Не знаю, откуда появилось это жаргонное название первых страниц учебников, где печатали портреты основоположников медицины, но корнями оно уходило в глубокую древность.
— Настолько я помню, его нет ни в разделе микробиологии, ни в инфекции, — сказал Игорь Александрович. — Так я к чему. Оба ученых пытались выявить возбудитель. Сами понимаете, открытие не рядовое. Вроде как японец имел фору — он приехал раньше, материал набрал солидный. А вот на финише не повезло. Его публикацию не приняли
Ну это в прошлый раз было. А сейчас я шел по дорожке во дворе Института и наслаждался солнышком и хорошей погодой. Может человек просто прогуливаться и ни о чем не думать? Даже вон там сейчас сяду на лавочку и помедитирую минут надцать. Или сколько получится. Какое же счастье, что в это время нет сотовой связи! Возможность жить не торопясь — она дорогого стоит! Вот как же здорово было в девятнадцатом веке! Пока нарочный записочку принесет, пока ответ напишут — и день прошел.
— Молодой человек, вы не могли бы помочь? — какой-то очень знакомый голос вырвал меня назад, в окружающую действительность.
— Извините? — я посмотрел направо, налево — но не увидел никого.
— Сюда, пожалуйста.
Ага, справа, за кустами. Я продрался в щелочку между зарослями. На лавочке, точно такой же, как и та, на которую я и сам собирался только что опустить свой тыл, сидели двое мужчин, как бы так политкорректно выразиться, очень хорошо упитанных. Оба в просторных рубахах, легкомысленных льняных брюках, и солнцезащитных очках. Разве что один жгучий брюнет с густыми бакенбардами, а у второго, шатена, в волосах уже седины немного подмешано.

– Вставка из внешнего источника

(* Let $0<q<1$, $0\le p<1$, and let $\tilde P_n(x)=\sum_{k=0}^n\tilde b_{k,n}x^k$ be the orthonormal polynomials (positive leading coefficients) for the moment sequence $(\tilde s_n)$. The monic polynomials $\tilde p_n=\tilde P_n/\tilde b_{n,n}$ satisfy $\tilde p_n(x)=(x-\tilde c_n)\tilde p_{n-1}(x)-\tilde\lambda_n\tilde p_{n-2}(x)$ for $n\ge1$ ($\tilde p_{-1}=0$, $\tilde p_0=1$), where \[ \tilde c_1=\frac{(p;q)_\infty}{\Delta_1}q^{-3/2}, \] and for $n\ge1$ \[ \tilde c_{n+1}=\bigl[(1-q^{n+1})(pq^n;q)_\infty-(1-pq^{n+1})(q^n;q)_\infty\bigr]\frac{q^{-2n-3/2}}{(1-q)\Delta_{n+1}} -\bigl[(1-q^{n})(pq^{n-1};q)_\infty-(1-pq^{n})(q^{n-1};q)_\infty\bigr]\frac{q^{-2n+1/2}}{(1-q)\Delta_n}, \] \[ \tilde\lambda_{n+1}=\frac{\Delta_{n-1}\Delta_{n+1}}{\Delta_{n}^2}(1-q^{n})(1-pq^{n})q^{-4n}. \]
   Context: For $a\in\mathbb C$ and $n\in\{0,1,\dots\}\cup\{\infty\}$, $(a;q)_n=\prod_{k=1}^n(1-aq^{k-1})$. Set $\Delta_n=(pq^n;q)_\infty-(q^n;q)_\infty$ for $n\ge0$. The moment sequence is $\tilde s_0=q^{-1/2}\bigl[1-(q;q)_\infty/(pq;q)_\infty\bigr]$ and $\tilde s_n=(p;q)_nq^{-(n+1)^2/2}$ for $n\ge1$. *)

From mathcomp Require Import all_boot all_order all_algebra.
From mathcomp Require Import all_classical all_reals all_analysis.
Set Implicit Arguments. Unset Strict Implicit. Unset Printing Implicit Defensive.
Import Order.TTheory GRing.Theory Num.Theory numFieldNormedType.Exports.
Local Open Scope ring_scope.

Section QDefs.
Variable R : realType.

Definition qpoch (a q : R) (n : nat) : R := \prod_(k < n) (1 - a * q ^+ k).

Definition qpoch_inf (a q : R) : R := limn (qpoch a q).

Definition Delta (p q : R) (n : nat) : R :=
  qpoch_inf (p * q ^+ n) q - qpoch_inf (q ^+ n) q.

Definition stilde (p q : R) (n : nat) : R :=
  if n is 0 then q `^ (- (1 / 2)) * (1 - qpoch_inf q q / qpoch_inf (p * q) q)
  else qpoch p q n * q `^ (- ((n.+1 ^ 2)%:R / 2)).

Definition Lmom (p q : R) (P : {poly R}) : R :=
  \sum_(i < size P) P`_i * stilde p q i.

(* c~_n for n >= 1 (value at 0 is irrelevant, set to 0) *)
Definition ctilde (p q : R) (n : nat) : R :=
  match n with
  | 0 => 0
  | 1 => qpoch_inf p q / Delta p q 1 * q `^ (- (3 / 2))
  | m.+1 =>
      ((1 - q ^+ m.+1) * qpoch_inf (p * q ^+ m) q
         - (1 - p * q ^+ m.+1) * qpoch_inf (q ^+ m) q)
        * (q `^ (- (2 * m)%:R - 3 / 2) / ((1 - q) * Delta p q m.+1))
      - ((1 - q ^+ m) * qpoch_inf (p * q ^+ m.-1) q
         - (1 - p * q ^+ m) * qpoch_inf (q ^+ m.-1) q)
        * (q `^ (- (2 * m)%:R + 1 / 2) / ((1 - q) * Delta p q m))
  end.

(* lambda~_n for n >= 2 (lambda~_0, lambda~_1 irrelevant, set to 0) *)
Definition lamtilde (p q : R) (n : nat) : R :=
  match n with
  | 0 | 1 => 0
  | m.+1 => Delta p q m.-1 * Delta p q m.+1 / (Delta p q m) ^+ 2
             * (1 - q ^+ m) * (1 - p * q ^+ m) * q ^- (4 * m)
  end.

(* pair (p~_n, p~_{n+1}) built by the three-term recurrence,
   with p~_{-1} = 0, p~_0 = 1 *)
Fixpoint ptilde_pair (p q : R) (n : nat) : {poly R} * {poly R} :=
  match n with
  | 0 => (1, 'X - (ctilde p q 1)%:P)
  | n.+1 => let: (a, b) := ptilde_pair p q n in
            (b, ('X - (ctilde p q n.+2)%:P) * b - (lamtilde p q n.+2) *: a)
  end.

Definition ptilde_rec (p q : R) (n : nat) : {poly R} := (ptilde_pair p q n).1.

End QDefs.

From mathcomp Require Import all_boot all_order all_algebra.
From mathcomp Require Import all_classical all_reals all_analysis.
From mathcomp Require Import ring lra zify.
Import Order.TTheory GRing.Theory Num.Theory numFieldNormedType.Exports.
Set Implicit Arguments. Unset Strict Implicit. Unset Printing Implicit Defensive.
Local Open Scope ring_scope.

— Слушаю вас, — я уставился на мужичков.
Наверняка из отделения лечебного голодания. Есть тут такое, с помощью клизм из минералки и заливания той же водички сверху пытаются снизить массу тела таким вот оверсайзнутым людям.
— У меня книжка записная упала, — виновато разводя в стороны руки, сказал седоватый. — А мы с Яном Юрьевичем, увы, не в состоянии ее поднять. Зеркальная болезнь, чтоб ее.
— Четвертой стадии? — ляпнул я на автомате и только потом подумал, что могу оскорбить их, и говорящего, и молчащего. Но где я слышал этот голос?
— У нее еще и стадии есть? — улыбнулся хозяин книжечки. — Это как?
— Извините, это немного пошлая классификация, — предупредил я.
— Ну, гимназисток здесь нет, — подал голос брюнет. — Рассказывайте уже.
— Первая стадия — не видно, когда висит. Вторая — когда стоит. Третья — не видно, когда делают минет. Ну, и четвертая — не видно, кто делает.
— Николай Николаевич, надо срочно проверить, какая у нас с тобой стадия, — засмеялся брюнет. — Я теперь спокойно уснуть не смогу! Срочно вызовем в палату ту докторицу молодую, скажем, в целях диагностики!
Глядя на гогочущих мужчин, я вдруг понял, кому только что скормил пошлейший анекдот. Да это же Озеров! Охренеть! И не встать. А друг его, он же тоже комментатор. Они вдвоем долго вели репортажи. Как же его? Блин, что он штангист — помню, а фамилия из головы вылетела. «Репортаж вели Николай Озеров и Ян...». Всё, надо пить пирацетам срочно. Что-то похожее на заклинание волшебника из фильма про Снежную королеву. «Крибле, крабле, бумс!» Снорре! Точно! Нет, Спарре!
Блокнотик я всё же поднял и подал хозяину. Жаль, что нет сотовых телефонов. Сейчас бы такое селфи получилось... Хотя... не всё потеряно! У Морозова точно есть чем! На книжной полке лежит, «Зенит» вроде.